Learning Symmetry-Independent Jet Representations via Jet-Based Joint Embedding Predictive Architecture
Subash Katel, Haoyang Li, Zihan Zhao, Raghav Kansal, Farouk Mokhtar, Javier Duarte
TL;DR
The paper addresses the challenge of training jet-related models when labeled data is scarce or mismatched by introducing J-JEPA, a self-supervised, augmentation-free pretraining framework that predicts target-subjet representations from context-subjet representations using target positions as hints, with the target encoder stabilized via EMA and predictions made in representation space using $L_2$ loss. The approach enables cross-task applicability by removing the need for hand-crafted augmentations tailored to each downstream task, and it demonstrates that pretrained representations outperform randomly initialized baselines for jet tagging, especially under limited labeled data. Key contributions include the physical positional encoding, two embedding strategies for subjets, and a masking scheme inspired by I-JEPA, all validated on JetClass pretraining and Top Tagging finetuning. The findings suggest J-JEPA is a scalable path toward large-scale, cross-task foundation models in jet physics, potentially reducing reliance on labeled simulations and enabling robust transfer to real data.
Abstract
In high energy physics, self-supervised learning (SSL) methods have the potential to aid in the creation of machine learning models without the need for labeled datasets for a variety of tasks, including those related to jets -- narrow sprays of particles produced by quarks and gluons in high energy particle collisions.
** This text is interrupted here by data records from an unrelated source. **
Lemma StronglySorted_concat (D : nat -> list nat) (L : list nat) :
  StronglySorted lt L -> (forall k, In k L -> StronglySorted lt (D k)) ->
  (forall k k' y z, In k L -> In k' L -> k < k' -> In y (D k) -> In z (D k') -> y < z) ->
  StronglySorted lt (concat (map D L)).
Proof.
  induction L as [|k L IH]; intros HL HD HX; simpl; [constructor|].
  apply StronglySorted_inv in HL as [HL Hk]. rewrite Forall_forall in Hk.
  apply StronglySorted_app.
  - apply HD; simpl; auto.
  - apply IH; auto; [intros; apply HD; simpl; auto|].
    intros k1 k2 y z H1 H2; apply HX; simpl; auto.
  - intros y z Hy Hz. apply in_concat_map in Hz as [k' [Hk' Hz]].
    apply (HX k k'); simpl; auto.
Qed.

Lemma increasing_le (p : nat -> nat) :
  (forall k, p k < p (S k)) -> forall k k', k <= k' -> p k <= p k'.
Proof. intros Hp k k' Hk. induction Hk as [|k' _ IH]; [lia|]. specialize (Hp k'). lia. Qed.

Definition interval (i j : nat) : list nat := seq i (j - i).

Lemma in_interval (i j y : nat) : In y (interval i j) <-> i <= y < j.
Proof. unfold interval. rewrite in_seq. lia. Qed.

Lemma interval_sorted (i j : nat) : StronglySorted lt (interval i j).
Proof.
  unfold interval. generalize (j - i) as n. intros n. clear j. revert i.
  induction n as [|n IH]; intros i; simpl; constructor; auto.
  apply Forall_forall. intros y Hy. apply in_seq in Hy. lia.
Qed.

Lemma interval_nonempty (i j : nat) : i < j -> interval i j <> [].
Proof. unfold interval. destruct (j - i) eqn:E; [lia|discriminate]. Qed.

Lemma interval_app (i j k : nat) : i <= j <= k -> interval i k = interval i j ++ interval j k.
Proof.
  intros Hijk. unfold interval. replace (k - i) with ((j - i) + (k - j)) by lia.
  rewrite seq_app. do 2 f_equal. lia.
Qed.

Fixpoint sublists (l : list nat) : list (list nat) :=
  match l with
  | [] => [[]]
  | i :: t => map (cons i) (sublists t) ++ sublists t
  end.

Lemma in_sublists (l G : list nat) :
  StronglySorted lt l -> StronglySorted lt G -> incl G l -> In G (sublists l).
Proof.
  revert G. induction l as [|i t IH]; intros G Hl HG HGl.
  - destruct G as [|y G]; [simpl; auto|]. destruct (HGl y); simpl; auto.
  - apply StronglySorted_inv in Hl as [Ht Hi]. rewrite Forall_forall in Hi.
    simpl. apply in_or_app.
    destruct G as [|y G]; [right; apply IH; auto; intros z []|].
    apply StronglySorted_inv in HG as [HG Hy]. rewrite Forall_forall in Hy.
    assert (HGt : forall z, In z G -> In z t).
    { intros z Hz. destruct (HGl z) as [<-|Hzt]; simpl; auto.
      specialize (Hy i Hz). assert (Hyt : In y t).
      { destruct (HGl y) as [<-|]; simpl; auto; lia. }
      specialize (Hi y Hyt). lia. }
    destruct (Nat.eq_dec y i) as [->|Hyi].
    + left. apply in_map. apply IH; auto.
    + right. apply IH; auto; [constructor; auto; apply Forall_forall; auto|].
      intros z [Hz|Hz]; [subst z|auto].
      destruct (HGl y) as [Hiy|]; simpl; auto; congruence.
Qed.
Theorem mainTheorem9 (R : realType) (X : finType) (P Q : X -> R) (delta : R)
  (hP : is_distr P) (hQ : is_distr Q) (hd0 : 0 < delta) (hd1 : delta < 1)
  (hov : \sum_(x : X) Num.min (P x) (Q x) < 1 - delta)
  (lamP : R)
  (hlamP : \sum_(x : X) Num.min (P x) (lamP * Q x) = 1 - delta)
  (lamQ : R)
  (hlamQ : \sum_(x : X) Num.min (Q x) (Num.min (P x) (lamP * Q x) / lamQ)
           = 1 - delta) :
  1 <= lamP /\ lamQ <= 1 /\
  forall a : R, 1 < a ->
    approx_renyi delta a P Q =
    renyi a (fun x => Num.min (P x) (lamP * Q x) / (1 - delta))
            (fun x => Num.min (Q x) (Num.min (P x) (lamP * Q x) / lamQ)
                      / (1 - delta)).
Proof.
have [P_ge0 _] := hP; have [Q_ge0 _] := hQ.
have c_gt0 : 0 < 1 - delta by lra.
have lamP_ge1 := trimP_lambda_ge1 Q_ge0 hov hlamP.
have lamP_ge0 : 0 <= lamP by lra.
have lamQ_gt0 := trimQ_lambda_gt0 P_ge0 Q_ge0 lamP_ge0 c_gt0 hlamQ.
have lamQ_le1 := trimQ_lambda_le1 P_ge0 Q_ge0 lamP_ge0 hov hlamQ.
split=> //; split=> // a a_gt1.
change (approx_renyi delta a P Q = renyi a (fun x => trimP P Q lamP x / (1 - delta))
                                           (fun x => trimQ P Q lamP lamQ x / (1 - delta))).
have lamQ_le_lamP : lamQ <= lamP by lra.
have [dPt [Pr dPr eP]] := decompose_distr hP hd0 hd1
  (trimP_ge0 P_ge0 Q_ge0 lamP_ge0) (trimP_le P Q lamP) hlamP.
have [dQt [Qr dQr eQ]] := decompose_distr hQ hd0 hd1
  (trimQ_ge0 P_ge0 Q_ge0 lamQ_gt0 lamQ_le_lamP) (trimQ_le P Q lamP lamQ) hlamQ.
apply: ereal_inf_attained.
  by exists (fun x => trimP P Q lamP x / (1 - delta)), Pr,
            (fun x => trimQ P Q lamP lamQ x / (1 - delta)), Qr.
move=> _ [P' [P'' [Q' [Q'' [[dP' [P''_ge0 _] dQ' [Q''_ge0 _]] [eP' [eQ' ->]]]]]]].
exact: (renyi_trim_le P_ge0 Q_ge0 lamQ_gt0 lamQ_le_lamP a_gt1 (ltW hd0) hd1
          dPt dQt dP' dQ' P''_ge0 Q''_ge0 eP' eQ').
Qed.
(* Write a = a1 and b = a2. Over the integers the orbit of S has a closed form:
   if j - i = 3k + r with 0 <= r < 3, its entry (i, j) is a - bk, b(i + 2k + 1) or
   -a - b(i + k + 1) according as r = 0, 1 or 2.  This holds on row 0 (a check of
   the 24 residues of j modulo 24) and is propagated by the recurrence.  Shifting i
   or j by 3m changes the entries by multiples of m, hence the periodicity.
   Along a row, and along each line of fixed class r inside the triangle of size 3m,
   the entries form arithmetic progressions of difference +-b or 2b.  The condition
   on a2 makes such progressions hit every residue modulo m equally often in total:
   directly when a2 is a unit modulo m, and through a count modulo 3 when 3 divides
   m and a2 but not a1.  Pairing the lines l and l + m of each class (m is odd)
   shows that the triangle of size 3m is balanced; the triangle of size 3(lam+1)m
   splits into the triangles of sizes 3 lam m and 3m, which are copies of balanced
   ones by periodicity, and a rectangle made of full periods of rows. *)

(** * Sums over intervals and triangles *)

Section NatSums.
Implicit Types (F : nat -> nat) (f : nat -> nat -> nat).

Lemma big_nat_periodic_window F p j0 :
  (forall j, F (j + p) = F j) ->
  \sum_(j0 <= j < j0 + p) F j = \sum_(0 <= j < p) F j.
Proof.
move=> hF; elim: j0 => [|j0 IH]; first by rewrite add0n.
case: p hF IH => [|p] hF IH; first by rewrite !addn0 !big_geq.
have lt_j0 : j0 < j0 + p.+1 by rewrite addnS ltnS leq_addr.
rewrite -IH [RHS]big_ltn // addSn big_nat_recr /=; last exact: lt_j0.
by rewrite hF addnC.
Qed.

Lemma big_nat_periods F p l :
  (forall j, F (j + p) = F j) ->
  \sum_(0 <= j < l * p) F j = l * \sum_(0 <= j < p) F j.
Proof.
move=> hF; elim: l => [|l IH]; first by rewrite mul0n big_geq.
rewrite mulSn addnC (big_cat_nat (n := l * p)) ?leq_addr //= IH.
by rewrite big_nat_periodic_window // mulSn addnC.
Qed.

Lemma big_nat_blocks3 F m :
  \sum_(0 <= e < 3 * m) F e =
  \sum_(0 <= k < m) (F (3 * k) + F (3 * k + 1) + F (3 * k + 2)).
Proof.
elim: m => [|m IH]; first by rewrite muln0 !big_geq.
rewrite [RHS]big_nat_recr //= -IH mulnS addnC addn3 !big_nat_recr //=.
by rewrite addn1 addn2 !addnA.
Qed.

Lemma sum_nat_eq_shift a b L :
  \sum_(0 <= j < L) (j + a == b : nat) = ((a <= b) && (b < a + L) : nat).
Proof.
elim: L => [|L IH]; first by rewrite big_geq //; lia.
rewrite big_nat_recr //= IH; lia.
Qed.

Lemma sum_nat_interval lo hi n :
  \sum_(0 <= i < n) ((lo <= i) && (i < hi) : nat) = minn hi n - lo.
Proof.
elim: n => [|n IH]; first by rewrite big_geq //; lia.
rewrite big_nat_recr //= IH; lia.
Qed.

Lemma sum_fold_periodic m K F (g : nat -> nat) :
  (forall l, g (l + m) = g l) -> (forall l, l < m -> F l + F (l + m) = K) ->
  \sum_(0 <= l < 2 * m) g l * F l = K * \sum_(0 <= l < m) g l.
Proof.
move=> hg hF; rewrite mul2n -addnn (big_cat_nat (n := m)) ?leq_addr //=.
rewrite -{2}[m]add0n big_addn addnK -big_split big_distrr /=.
by apply: eq_big_nat => l hl; rewrite hg -mulnDr hF // mulnC.
Qed.

Definition tri_sum n f := \sum_(0 <= i < n) \sum_(0 <= j < n - i) f i j.

Lemma tri_sumE n f :
  tri_sum n f = \sum_(0 <= i < n) \sum_(0 <= j < n) (i + j < n) * f i j.
Proof.
apply: eq_big_nat => i hi.
rewrite [RHS](big_cat_nat (n := n - i)) ?leq_subr //=.
rewrite [X in _ = _ + X]big1_seq ?addn0 => [|j]; last first.
  by rewrite mem_index_iota => hj; rewrite (_ : i + j < n = false) //; lia.
by apply: eq_big_nat => j hj; rewrite (_ : i + j < n = true) ?mul1n //; lia.
Qed.

Lemma eq_tri_sum {n} {f g} :
  (forall i j, i + j < n -> f i j = g i j) -> tri_sum n f = tri_sum n g.
Proof. by move=> efg; apply: eq_big_nat => i hi; apply: eq_big_nat => j hj; apply: efg; lia. Qed.

Lemma tri_sum_swap n f : tri_sum n f = tri_sum n (fun i j => f j i).
Proof.
rewrite !tri_sumE exchange_big /=.
by apply: eq_big_nat => j _; apply: eq_big_nat => i _; rewrite addnC.
Qed.

Lemma tri_sumD n f g :
  tri_sum n (fun i j => f i j + g i j) = tri_sum n f + tri_sum n g.
Proof. by rewrite /tri_sum -big_split; apply: eq_bigr => i _; rewrite big_split. Qed.

Lemma tri_sum_cat p n f :
  tri_sum (p + n) f =
  \sum_(0 <= i < p) \sum_(0 <= j < n) f i j +
  tri_sum p (fun i j => f i (j + n)) + tri_sum n (fun i j => f (i + p) j).
Proof.
rewrite /tri_sum (big_cat_nat (n := p)) ?leq_addr //= -{3}[p]add0n big_addn.
rewrite addKn -big_split /=; congr (_ + _); apply: eq_big_nat => i hi.
  rewrite (big_cat_nat (n := n)) /=; [|lia|lia].
  by rewrite -{2}[n]add0n big_addn (_ : p + n - i - n = p - i) //; lia.
by rewrite (_ : p + n - (i + p) = n - i) //; lia.
Qed.

Lemma tri_sum_fiber n L (w f : nat -> nat -> nat) (g : nat -> nat) :
  (forall i j, i + j < n -> f i j < L) ->
  tri_sum n (fun i j => w i j * g (f i j)) =
  \sum_(0 <= l < L) g l * tri_sum n (fun i j => w i j * (f i j == l)).
Proof.
move=> hf; rewrite /tri_sum.
under [RHS]eq_bigr => l _ do rewrite big_distrr /=.
under [RHS]eq_bigr => l _ do under eq_bigr => i _ do rewrite big_distrr /=.
rewrite exchange_big /=; apply: eq_big_nat => i hi.
rewrite exchange_big /=; apply: eq_big_nat => j hj.
have hfij : f i j \in index_iota 0 L by rewrite mem_index_iota; have := hf i j; lia.
rewrite (bigD1_seq _ hfij (iota_uniq _ _)) /=.
rewrite eqxx muln1 big1 ?addn0 1?mulnC // => l /negbTE.
by rewrite eq_sym => ->; rewrite !muln0.
Qed.

Lemma tri_sum_periodic_lines {n m K : nat} {w f : nat -> nat -> nat} {g : nat -> nat} :
  (forall l, g (l + m) = g l) ->
  (forall l, l < m -> tri_sum n (fun i j => w i j * (f i j == l)) +
                      tri_sum n (fun i j => w i j * (f i j == l + m)) = K) ->
  (forall i j, i + j < n -> f i j < 2 * m) ->
  tri_sum n (fun i j => w i j * g (f i j)) = K * \sum_(0 <= l < m) g l.
Proof.
move=> hg hK hf; rewrite (tri_sum_fiber _ _ w _ g hf).
exact: (sum_fold_periodic _ _ _ _ hg hK).
Qed.

End NatSums.

(* A point (i, j) of the triangle i + j < 3m lies in the class r of j - i modulo 3
   (shifted by 3m to avoid truncated subtraction) and on the line [tri_line m r i j];
   along each line of a class the orbit is an arithmetic progression. *)
Definition tri_class (m i j : nat) : nat := (j + 3 * m - i) %% 3.

Definition tri_line (m r i j : nat) : nat :=
  if r == 0 then (j + 3 * m - i) %/ 3
  else if r == 1 then (i + 2 * j + 1) %/ 3
  else (2 * i + j + 1) %/ 3.

Section LineCounts.
Variable m : nat.

Let tri_points r l := tri_sum (3 * m) (fun i j => (tri_class m i j == r) * (tri_line m r i j == l)).

Lemma tri_line0_count l : l < 2 * m ->
  tri_points 0 l = minn ((6 * m - 3 * l + 1) %/ 2) (3 * m) - (3 * m - 3 * l).
Proof.
move=> hl; rewrite /tri_points /tri_sum -sum_nat_interval; apply: eq_big_nat => i hi.
transitivity (\sum_(0 <= j < 3 * m - i) (j + 3 * m == i + 3 * l : nat)).
  by apply: eq_big_nat => j hj; rewrite /tri_class /tri_line /=; lia.
by rewrite sum_nat_eq_shift; lia.
Qed.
This study introduces an approach to learning jet representations without hand-crafted augmentations using a jet-based joint embedding predictive architecture (J-JEPA), which aims to predict various physical targets from an informative context. As our method does not require hand-crafted augmentation like other common SSL techniques, J-JEPA avoids introducing biases that could harm downstream tasks. Since different tasks generally require invariance under different augmentations, this training without hand-crafted augmentation enables versatile applications, offering a pathway toward a cross-task foundation model. We finetune the representations learned by J-JEPA for jet tagging and benchmark them against task-specific representations.